For those working in Westminster, this has become the song of the summer, chanted by the throng of ultra-Remainers who have pitched camp next to the media gazebos on College Green.
It is the – intensely irritating – evidence of what the polls increasingly tell us. Just as Leavers are coalescing around a no-deal Brexit, so Remainers are moving towards the cancellation of Brexit full stop. The space in the middle for compromise is increasingly barren.
But say that we did stop Brexit. What then?
The fact is that there has been an awful lot of examination and cross-examination of the consequences of no-deal – and, indeed, of the withdrawal agreement negotiated by Theresa May, and all the other options for Britain’s Brexit arrangements that have been floated since the referendum took place.
There has been much less consideration, however, of what would actually happen if Brexit were cancelled. That is because the answer is seemingly obvious: a return to the status quo ante. Yet, that position is as fantastical – or, to be more polite, impossibilist – as the anti-Brexiteers say a successful no-deal outcome would be.
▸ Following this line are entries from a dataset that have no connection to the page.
Lemma mxderive_gt_mxprim b a m n (F : R -> 'M[R]_(m, n)) : b < a ->
  mxcont_gt b F -> mxderive_gt a (mxprim a F) F.
Proof.
move=> ba cF x ax i j; under eq_fun do rewrite mxE.
have dprim := is_derive_prim ba (fun y by_ => cF y by_ i j) ax.
by have := is_deriveD dprim (is_derive_cst (- prim a (fun s => F s i j) 0) x 1); rewrite addr0.
Qed.

Lemma mxint_FTC a m n (Phi phi f : R -> 'M[R]_(m, n)) s :
  a < 0 -> 0 <= s -> mxderive_gt a Phi phi -> mxcont_gt a f ->
  (forall t, 0 <= t <= s -> f t = phi t) ->
  mxint `[0, s] f = Phi s - Phi 0.
Proof.
move=> a0 s0 dPhi cf fphi; apply/matrixP => i j; rewrite !mxE.
apply: (Rintegral_FTC_ray (F := fun t => Phi t i j) (phi := fun t => phi t i j)
  (f := fun t => f t i j) a0 s0).
- by move=> x ax; exact: dPhi.
- by move=> x ax; exact: cf.
- by move=> x xs; rewrite fphi.
Qed.

Lemma mxint_mxprim b a m n (F : R -> 'M[R]_(m, n)) t :
  b < a -> a < 0 -> mxcont_gt b F -> 0 <= t -> mxint `[0, t] F = mxprim a F t.
Proof.
move=> ba a0 cF t0; rewrite (@mxint_FTC a _ _ (mxprim a F) F) ?mxprim0 ?subr0 //.
- exact: mxderive_gt_mxprim ba cF.
- exact: mxcont_gtW (ltW ba) cF.
Qed.

Lemma mxint_tr (D : set R) m n (F : R -> 'M[R]_(m, n)) :
  mxint D (fun t => (F t)^T) = (mxint D F)^T.
Proof. by apply/matrixP => i j; rewrite !mxE; apply: eq_Rintegral => t _; rewrite mxE. Qed.

Lemma eq_mxint_itv s m n (F G : R -> 'M[R]_(m, n)) :
  (forall t, 0 <= t <= s -> F t = G t) -> mxint `[0, s] F = mxint `[0, s] G.
Proof.
move=> FG; apply/matrixP => i j; rewrite !mxE.
by apply: eq_Rintegral => t; rewrite inE /= in_itv /= => /FG ->.
Qed.

End MatrixIntegral.

Section ExpmUniqueness.
Variable R : realType.

Lemma mxderive_gt0_const (a : R) m n (Z : R -> 'M[R]_(m, n)) : a < 0 ->
  mxderive_gt a Z (fun=> 0) -> forall t, a < t -> Z t = Z 0.
Proof.
move=> a0 dZ t at_; apply/matrixP => i j.
have Zeq u v : a < u -> u <= v -> Z v i j = Z u i j.
  move=> au uv.
  have dZij x : x \in `]u, v[ -> is_derive x 1 (fun t => Z t i j) ((fun=> 0) x).
    rewrite in_itv /= => /andP[ux _].
    by have := dZ x (lt_trans au ux) i j; rewrite mxE.
  have cZij : {within `[u, v], continuous (fun t => Z t i j)}.
    apply: continuous_in_subspaceT => y; rewrite inE /= in_itv /= => /andP[uy _].
    exact: (mxderive_gt_cont dZ) y (lt_le_trans au uy) i j.
  have [c _] := MVT_segment uv dZij cZij.
  by rewrite mul0r => /eqP; rewrite subr_eq0 => /eqP.
by case: (leP 0 t) => [t0|t0]; [apply: Zeq | symmetry; apply: Zeq (ltW t0)].
Qed.

(* exp(tM) is the unique solution of X' = X M, X 0 = 1: both X(t) and exp(tM)
   are inverted on the right by exp(-tM), since X(t) exp(-tM) has derivative 0. *)
Lemma expm_unique (a : R) n (M : 'M[R]_n) (X : R -> 'M[R]_n) : a < 0 ->
  mxderive_gt a X (fun t => X t *m M) -> X 0 = 1%:M ->
  forall t, a < t -> X t = expm (t *: M).
Proof.
move=> a0 dX X0.
have rinv (Y : R -> 'M[R]_n) : mxderive_gt a Y (fun t => Y t *m M) -> Y 0 = 1%:M ->
    forall t, a < t -> Y t *m expm (t *: - M) = 1%:M.
  move=> dY Y0 t at_.
  have dZ : mxderive_gt a (fun t => Y t *m expm (t *: - M)) (fun=> 0).
    apply: mxderive_gt_eq (mxderive_gtM dY (mxderive_gt_expm (a := a) (- M))) _ => x _.
    by rewrite -mulmx_expmC mulmxA mulmxN mulNmx addrN.
  by rewrite (mxderive_gt0_const a0 dZ at_) Y0 mul1mx expm0.
move=> t at_.
have linv : expm (t *: - M) *m expm (t *: M) = 1%:M.
  by apply: mulmx1C; exact: rinv (mxderive_gt_expm M) (expm0 M) t at_.
by rewrite -[X t]mulmx1 -linv mulmxA (rinv X dX X0 t at_) mul1mx.
Qed.
(* Let $\mathcal{X}$ be a finite set, $\pi$ a probability mass function on $\mathcal{X}$ with full support, $P$ a $\pi$-stationary transition matrix, and let a group $\mathcal{G}$ act on $\mathcal{X}$ with orbits $(\mathcal{O}_i)_{i=1}^k$ and Gibbs orbit kernel $G$. Then $D^\pi_{KL}(GPG\|\Pi)=D^{\overline{\pi}}_{KL}(\overline{P}\|\overline{\Pi})$.
   Context: $G(x,y)=\pi(y)/\pi(\mathcal{O}(x))$ for $y$ in the orbit $\mathcal{O}(x)$ of $x$, else $0$, with $\pi(A)=\sum_{z\in A}\pi(z)$. $\Pi$ is the matrix with every row equal to $\pi$. $\overline{\pi}=(\pi(\mathcal{O}_1),\dots,\pi(\mathcal{O}_k))$, $\overline{\Pi}$ is the $k\times k$ matrix with every row $\overline{\pi}$, and $\overline{P}(i,j)=\frac{1}{\pi(\mathcal{O}_i)}\sum_{x\in\mathcal{O}_i,y\in\mathcal{O}_j}\pi(x)P(x,y)$. For a distribution $\mu$ and transition matrices $K,L$ on the same finite set, $D^\mu_{KL}(K\|L)=\sum_{x,y}\mu(x)K(x,y)\log\frac{K(x,y)}{L(x,y)}$ with $0\log(0/a)=0$. *)

From HB Require Import structures.
From mathcomp Require Import all_boot all_order all_algebra all_fingroup.
From mathcomp Require Import reals exp.
Set Implicit Arguments. Unset Strict Implicit. Unset Printing Implicit Defensive.
Import Order.TTheory GRing.Theory Num.Theory.
Local Open Scope ring_scope.

Section Defs.
Variable R : realType.

Section Generic.
Variable T : finType.

Definition mulK (K L : T -> T -> R) : T -> T -> R :=
  fun x y => \sum_(z : T) K x z * L z y.

Definition DKL (mu : T -> R) (K L : T -> T -> R) : R :=
  \sum_(x : T) \sum_(y : T)
     (if K x y == 0 then 0 else mu x * K x y * ln (K x y / L x y)).

Definition full_support_pmf (pi : T -> R) : Prop :=
  (forall x, 0 < pi x) /\ \sum_(x : T) pi x = 1.

Definition stochastic (P : T -> T -> R) : Prop :=
  (forall x y, 0 <= P x y) /\ (forall x, \sum_(y : T) P x y = 1).

Definition stationary (pi : T -> R) (P : T -> T -> R) : Prop :=
  forall y, \sum_(x : T) pi x * P x y = pi y.

Definition massR (pi : T -> R) (A : {set T}) : R := \sum_(z in A) pi z.

Definition PiK (pi : T -> R) : T -> T -> R := fun _ y => pi y.

End Generic.

Section Orbits.
Variables (gT : finGroupType) (X : finType) (H : {group gT})
          (to : {action gT &-> X}).

Definition orbits : {set {set X}} := [set orbit to H x | x in [set: X]].

Definition orbT := {O : {set X} | O \in orbits}.

Definition gibbs (pi : X -> R) : X -> X -> R :=
  fun x y => if y \in orbit to H x then pi y / massR pi (orbit to H x) else 0.

End Orbits.
End Defs.

Section Bar.
Variables (R : realType) (gT : finGroupType) (X : finType) (H : {group gT})
          (to : {action gT &-> X}).

Definition pibar (pi : X -> R) : {O : {set X} | O \in orbits H to} -> R :=
  fun O => massR pi (val O).

Definition Pbar (pi : X -> R) (P : X -> X -> R) :
  {O : {set X} | O \in orbits H to} -> {O : {set X} | O \in orbits H to} -> R :=
  fun Oi Oj => (massR pi (val Oi))^-1 *
     \sum_(x in val Oi) \sum_(y in val Oj) pi x * P x y.

Definition Pibar (pi : X -> R) :
  {O : {set X} | O \in orbits H to} -> {O : {set X} | O \in orbits H to} -> R :=
  PiK (pibar pi).
End Bar.
Arguments pibar {R gT X} H to pi _.
Arguments Pbar {R gT X} H to pi P _ _.
Arguments Pibar {R gT X} H to pi _ _.

(** Composing with the Gibbs orbit kernel on both sides forgets everything
    about [P] except its orbit-lumped version:
    [GPG(x,y) = pi(y)/pi(O(y)) * Pbar(O(x),O(y))], and likewise
    [Pi(x,y) = pi(y)/pi(O(y)) * Pibar(O(x),O(y))].  The common factor cancels
    inside the logarithm, and summing the weights [pi(x)] and
    [pi(y)/pi(O(y))] over each orbit collapses the double sum over [X] to the
    double sum over orbits with weight [pibar]. *)

From HB Require Import structures.
From mathcomp Require Import all_boot all_order all_algebra all_fingroup.
From mathcomp Require Import reals exp.
Set Implicit Arguments. Unset Strict Implicit. Unset Printing Implicit Defensive.
Import Order.TTheory GRing.Theory Num.Theory.
Local Open Scope ring_scope.

Section KLSummand.
Variables (R : realType) (T : finType).

Definition kl_summand (k l : R) : R := if k == 0 then 0 else k * ln (k / l).

Lemma DKLE (mu : T -> R) (K L : T -> T -> R) :
  DKL mu K L = \sum_x mu x * \sum_y kl_summand (K x y) (L x y).
Proof.
apply: eq_bigr => x _; rewrite big_distrr; apply: eq_bigr => y _ /=.
by rewrite /kl_summand; case: ifP; rewrite ?mulr0 ?mulrA.
Qed.

Lemma kl_summandZ (c k l : R) :
  c != 0 -> kl_summand (c * k) (c * l) = c * kl_summand k l.
Proof.
move=> c0; rewrite /kl_summand mulf_eq0 (negbTE c0) /=.
case: ifP => _; first by rewrite mulr0.
by rewrite invfM mulrACA divff // mul1r mulrA.
Qed.

Lemma massR_gt0 (pi : T -> R) (A : {set T}) z :
  (forall x, 0 < pi x) -> z \in A -> 0 < massR pi A.
Proof.
move=> pi_gt0 zA; rewrite /massR (bigD1 z) //= ltr_wpDr //.
by apply: sumr_ge0 => x _; apply: ltW.
Qed.

End KLSummand.

Section GibbsKernel.
Variables (R : realType) (gT : finGroupType) (X : finType)
  (H : {group gT}) (to : {action gT &-> X}) (pi : X -> R).

Local Notation orbT := {O : {set X} | O \in orbits H to}.
Local Notation O x := (orbit to H x).

Lemma orbit_in_orbits x : O x \in orbits H to.
Proof. by apply/imsetP; exists x; rewrite ?inE. Qed.

Definition orbit_of x : orbT := exist _ (O x) (orbit_in_orbits x).

Lemma orbit_ofE x (i : orbT) : (orbit_of x == i) = (x \in val i).
Proof.
case: i => A /= A_orbit; rewrite -val_eqE /=.
by case/imsetP: A_orbit => z _ ->; apply: orbit_eq_mem.
Qed.

Lemma sum_orbit_of (F : orbT -> R) :
  \sum_x pi x * F (orbit_of x) = \sum_i pibar H to pi i * F i.
Proof.
rewrite (partition_big orbit_of xpredT) //=; apply: eq_bigr => i _.
rewrite (eq_bigr (fun x => pi x * F i)) => [|x /eqP-> //].
by rewrite -mulr_suml; congr (_ * _); apply: eq_bigl => x; rewrite orbit_ofE.
Qed.

Lemma mulK_gibbsl (K : X -> X -> R) x y :
  mulK (gibbs H to pi) K x y = (massR pi (O x))^-1 * \sum_(z in O x) pi z * K z y.
Proof.
rewrite /mulK /gibbs big_distrr [RHS]big_mkcond /=; apply: eq_bigr => z _.
by case: ifP => _; rewrite ?mul0r ?mulr0 // mulrAC mulrC.
Qed.

Lemma mulK_gibbsr (K : X -> X -> R) x y :
  mulK K (gibbs H to pi) x y = pi y / massR pi (O y) * \sum_(w in O y) K x w.
Proof.
rewrite /mulK /gibbs big_distrr [RHS]big_mkcond /=; apply: eq_bigr => w _.
rewrite orbit_sym; case: ifP => [wy|_]; last by rewrite !mulr0.
have /eqP-> : O w == O y by rewrite orbit_eq_mem.
exact: mulrC.
Qed.

Lemma gibbs_mulK_gibbsE (P : X -> X -> R) x y :
  mulK (mulK (gibbs H to pi) P) (gibbs H to pi) x y
  = pi y / massR pi (O y) * Pbar H to pi P (orbit_of x) (orbit_of y).
Proof.
rewrite mulK_gibbsr /Pbar /=; congr (_ * _).
under eq_bigr do rewrite mulK_gibbsl.
by rewrite -big_distrr exchange_big.
Qed.

Hypothesis pi_gt0 : forall x, 0 < pi x.

Lemma massR_orbit_gt0 x : 0 < massR pi (O x).
Proof. exact: massR_gt0 pi_gt0 (orbit_refl _ _ _). Qed.

Lemma pibar_gt0 (i : orbT) : 0 < pibar H to pi i.
Proof.
case: i => A A_orbit; rewrite /pibar /=.
by case/imsetP: A_orbit => z _ ->; apply: massR_orbit_gt0.
Qed.

Lemma sum_gibbs_weight (F : orbT -> R) :
  \sum_y pi y / massR pi (O y) * F (orbit_of y) = \sum_i F i.
Proof.
under eq_bigr do rewrite -mulrA.
rewrite (sum_orbit_of (fun i => (pibar H to pi i)^-1 * F i)).
by apply: eq_bigr => i _; rewrite mulrA divff ?mul1r // gt_eqF ?pibar_gt0.
Qed.

End GibbsKernel.

Theorem proposition6p3 (R : realType) (gT : finGroupType) (X : finType)
    (H : {group gT}) (to : {action gT &-> X})
    (pi : X -> R) (P : X -> X -> R) :
  full_support_pmf pi -> stochastic P -> stationary pi P ->
  DKL pi (mulK (mulK (gibbs H to pi) P) (gibbs H to pi)) (PiK pi)
  = DKL (pibar H to pi) (Pbar H to pi P) (Pibar H to pi).
Proof.
move=> [pi_gt0 _] _ _; rewrite !DKLE -sum_orbit_of; apply: eq_bigr => x _.
congr (_ * _); rewrite -(sum_gibbs_weight pi_gt0); apply: eq_bigr => y _.
have w_gt0 : 0 < pi y / massR pi (orbit to H y) by rewrite divr_gt0 ?massR_orbit_gt0.
have Pi_factor : PiK pi x y = pi y / massR pi (orbit to H y) * pibar H to pi (orbit_of H to y).
  by rewrite /PiK divfK // gt_eqF ?massR_orbit_gt0.
by rewrite gibbs_mulK_gibbsE Pi_factor kl_summandZ ?gt_eqF.
Qed.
The option of getting into a time machine and setting the dial for June 22, 2016 is understandably attractive – certainly for those of us who voted Remain. But the reality would be very different.
For starters, you would have a very substantial chunk of the population – the polls suggest approximately a third – who would be not just aggrieved, but incandescent. The most important vote of their lives would be rendered meaningless.
Just as a reminder, there is no evidence whatsoever that Leave voters have changed their minds about Brexit in anything like the numbers required to invalidate the result. Those voters would be not just lured to parties of the extreme right or left, but given the most almighty shove.
You might argue that the way to get around this would be to offer a second referendum. But what would be the criteria?
Labour is proposing a two-way battle between Remain and May’s deal. But for many of those who disliked that deal (which, polls show, is a substantial number), this would be a referendum without Brexit on the menu.
A vote between Remain and no-deal would offer a genuine choice, but would also be structurally rigged in favour of Remain. And a poll allowing voters to choose between the three of them would be fatally influenced by the architecture and wording of the question and options.
Still, let us say that Britain does end up remaining within the EU. We would further destabilise, or even delegitimise, the UK’s political system, with a solid body of opinion campaigning vociferously against continued EU membership in general and every single decision made by Westminster or Brussels in particular.
We would also find ourselves in a hellishly awkward diplomatic position. None of the issues and tensions which led the country to vote to leave in the first place would have been resolved – it is doubtful whether we would even receive those concessions which David Cameron so painfully negotiated back in 2016.
In the short term, we would surely not be forced to join the euro or Schengen area, but we would have lost much of our political capital to oppose the EU’s federalising tendencies. What would we do if we didn’t like how the EU was evolving, or if we were pressured to drop our opt-outs? Threaten to Brexit again?
Indeed, it is striking that France’s Emmanuel Macron has said that he doesn’t particularly want Britain back in the tent, because we would disagree with the direction in which he wants to take the EU – towards greater unification.
In the run-up to the referendum, I interviewed the leaders of the three main campaigns – Vote Leave, Leave.EU, and Stronger In.
I was told by Stronger In that they intended to fight an optimistic, positive campaign, and to make the case for Europe. Of course, they never did, because they could read the polls. They knew that the vast majority of Britons were profoundly disillusioned with the European Union. The only convincing message they could use was that the uncertainty of leaving was worse than the devil you knew.
One of the great ironies of the post-referendum period is that it has finally given birth to what Britain, almost uniquely among EU members, has never had: a genuine europhile mass movement.
For those shouting outside Westminster, or painting their faces with blue and yellow stars, the EU has come to be synonymous with civilised values – the household god of the Islington dinner party.
Yet in the process, its members have become just as driven by emotion as the Leavers they oppose.